What you should do. The reply should be a single number: the count of lines below that contain the word "Ipos".

[Collected data entries]
---*---
(* Let $R$ be a commutative domain, $B=R(t,\sigma,H,J)$, assume $\sigma^n=\mathrm{id}_R$ and let $\mathcal O$ be a $\sigma$-orbit in $\operatorname{Maxspec}(R)$ of size $n$ containing at least one break. Let $M$ be a simple $B$-module which is an $R$-weight module with $\operatorname{Supp}_R(M)\subseteq\mathcal O$, and let $\mathfrak m\in\mathcal O$ be a break. Then $\mathfrak m$ is not both a $J$-break and an $H$-break for $M$. If $\mathfrak m$ is a $J$-break (resp. $H$-break) for $M$, then every break in $\mathcal O$ is a $J$-break (resp. $H$-break) for $M$, and $\operatorname{Supp}_R(M)=\mathcal O$.
   Context: $\Bbbk$ is a field; all algebras are associative unital $\Bbbk$-algebras. For an algebra $R$ and $\sigma\in\operatorname{Aut}_\Bbbk(R)$, $R[t,t^{-1};\sigma]$ is the skew Laurent ring: generated over $R$ by $t,t^{-1}$ with $tt^{-1}=t^{-1}t=1$ and $t^{\pm1}r=\sigma^{\pm1}(r)t^{\pm1}$ for $r\in R$. Given two-sided ideals $H,J$ of $R$, set $I^{(0)}=R$, $I^{(n)}=J\sigma(J)\cdots\sigma^{n-1}(J)$ for $n\ge1$, and $I^{(n)}=\sigma^{-1}(H)\sigma^{-2}(H)\cdots\sigma^{n}(H)$ for $n\le-1$; it is assumed throughout that $I^{(n)}\neq0$ for all $n\in\mathbb Z$. The Bell–Rogalski (BR) algebra is $R(t,\sigma,H,J)=\bigoplus_{n\in\mathbb Z}I^{(n)}t^n\subseteq R[t,t^{-1};\sigma]$. For $R$ commutative, $\mathcal S(B)=\{\mathfrak p\in\operatorname{Spec}(R):\mathfrak p\supseteq HJ\}$; a maximal ideal $\mathfrak m$ is a break if $\sigma(\mathfrak m)\in\mathcal S(B)$. A left $B$-module $M$ is an $R$-weight module if $M=\bigoplus_{\mathfrak m}M_{\mathfrak m}$, $M_{\mathfrak m}=\{v:\mathfrak mv=0\}$, each $\dim_{R/\mathfrak m}M_{\mathfrak m}<\infty$; $\operatorname{Supp}_R(M)=\{\mathfrak m:M_{\mathfrak m}\ne0\}$. $\sigma$-orbits are orbits of $k\cdot\mathfrak m=\sigma^k(\mathfrak m)$. For a weight module $M$ and a break $\mathfrak m$: $\mathfrak m$ is a $J$-break for $M$ if there exist $j\in J$ and $v\in M_{\mathfrak m}$ with $(jt)v\neq0$; $\mathfrak m$ is an $H$-break for $M$ if there exist $h\in H$ and $w\in M_{\sigma(\mathfrak m)}$ with $(\sigma^{-1}(h)t^{-1})w\neq0$. *)

From HB Require Import structures.
From mathcomp Require Import all_boot all_order all_algebra.
Set Implicit Arguments. Unset Strict Implicit. Unset Printing Implicit Defensive.
Import Order.TTheory GRing.Theory Num.Theory.
Local Open Scope ring_scope.

Section BR.
Variable R : comNzRingType.

Definition seteq (A B : R -> Prop) := forall x, A x <-> B x.
Definition subset_of (A B : R -> Prop) := forall x, A x -> B x.

Definition is_ideal (I : R -> Prop) :=
  [/\ I 0, (forall x y, I x -> I y -> I (x + y)) & (forall r x, I x -> I (r * x))].

Definition maximal_ideal (m : R -> Prop) :=
  [/\ is_ideal m, ~ m 1 &
      forall I, is_ideal I -> subset_of m I -> seteq I m \/ I 1].

Definition prime_ideal (p : R -> Prop) :=
  [/\ is_ideal p, ~ p 1 & forall a b, p (a * b) -> p a \/ p b].

Definition idealprod (A B : R -> Prop) : R -> Prop := fun x =>
  exists (k : nat) (a b : nat -> R),
    (forall i, (i < k)%N -> A (a i) /\ B (b i)) /\ x = \sum_(i < k) a i * b i.

Variables (s si : R -> R).  (* sigma and its inverse *)

Definition spow (z : int) (x : R) : R :=
  match z with Posz n => iter n s x | Negz n => iter n.+1 si x end.

(* image of a subset under sigma^z, i.e. preimage under sigma^(-z) *)
Definition simg (z : int) (I : R -> Prop) : R -> Prop := fun x => I (spow (- z) x).

Variables (H J : R -> Prop).

(* I^(n) for n >= 0 : J sigma(J) ... sigma^(n-1)(J) *)
Fixpoint Ipos (n : nat) : R -> Prop :=
  match n with
  | 0 => fun _ => True
  | 1 => J
  | k.+1 => idealprod (Ipos k) (fun x => J (iter k si x))
  end.

(* I^(-n) for n >= 1 : sigma^-1(H) sigma^-2(H) ... sigma^-n(H) *)
Fixpoint Ineg (n : nat) : R -> Prop :=
  match n with
  | 0 => fun _ => True
  | 1 => fun x => H (s x)
  | k.+1 => idealprod (Ineg k) (fun x => H (iter k.+1 s x))
  end.

Definition Iz (z : int) : R -> Prop :=
  match z with Posz n => Ipos n | Negz n => Ineg n.+1 end.

Definition in_SB (p : R -> Prop) := prime_ideal p /\ subset_of (idealprod H J) p.
Definition is_break (m : R -> Prop) := maximal_ideal m /\ in_SB (simg 1 m).

Definition in_sorbit (m0 m : R -> Prop) := exists k : int, seteq m (simg k m0).

Variable M : zmodType.
(* A left B-module structure on M, B = R(t,sigma,H,J) = (+)_n I^(n) t^n,
   given by the action rho n a of the homogeneous element a t^n (a in I^(n)),
   extended additively. *)
Variable rho : int -> R -> M -> M.

Definition is_BR_module :=
  [/\ (forall n a v w, Iz n a -> rho n a (v + w) = rho n a v + rho n a w),
      (forall n a b v, Iz n a -> Iz n b -> rho n (a + b) v = rho n a v + rho n b v),
      (forall v, rho 0 1 v = v) &
      (forall m n a b v, Iz m a -> Iz n b ->
          rho m a (rho n b v) = rho (m + n) (a * spow m b) v)].

Definition submodule (N : M -> Prop) :=
  [/\ N 0, (forall v w, N v -> N w -> N (v + w)), (forall v, N v -> N (- v)) &
      (forall n a v, Iz n a -> N v -> N (rho n a v))].

Definition simple_module :=
  (exists v : M, v != 0) /\
  forall N, submodule N -> (forall v, N v -> v = 0) \/ (forall v, N v).

Definition wt (m : R -> Prop) (v : M) := forall r, m r -> rho 0 r v = 0.

Definition weight_module :=
  [/\
      (forall v, exists (k : nat) (ms : nat -> R -> Prop) (vs : nat -> M),
         (forall i, (i < k)%N -> maximal_ideal (ms i) /\ wt (ms i) (vs i)) /\
         v = \sum_(i < k) vs i),
      (forall (k : nat) (ms : nat -> R -> Prop) (vs : nat -> M),
         (forall i, (i < k)%N -> maximal_ideal (ms i) /\ wt (ms i) (vs i)) ->
         (forall i j, (i < k)%N -> (j < k)%N -> seteq (ms i) (ms j) -> i = j) ->
         \sum_(i < k) vs i = 0 -> forall i, (i < k)%N -> vs i = 0) &
      (* each M_m is finite-dimensional over R/m *)
      (forall m, maximal_ideal m -> exists (k : nat) (e : nat -> M),
         (forall i, (i < k)%N -> wt m (e i)) /\
         forall v, wt m v -> exists c : nat -> R, v = \sum_(i < k) rho 0 (c i) (e i))].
---*---
Task solution. 3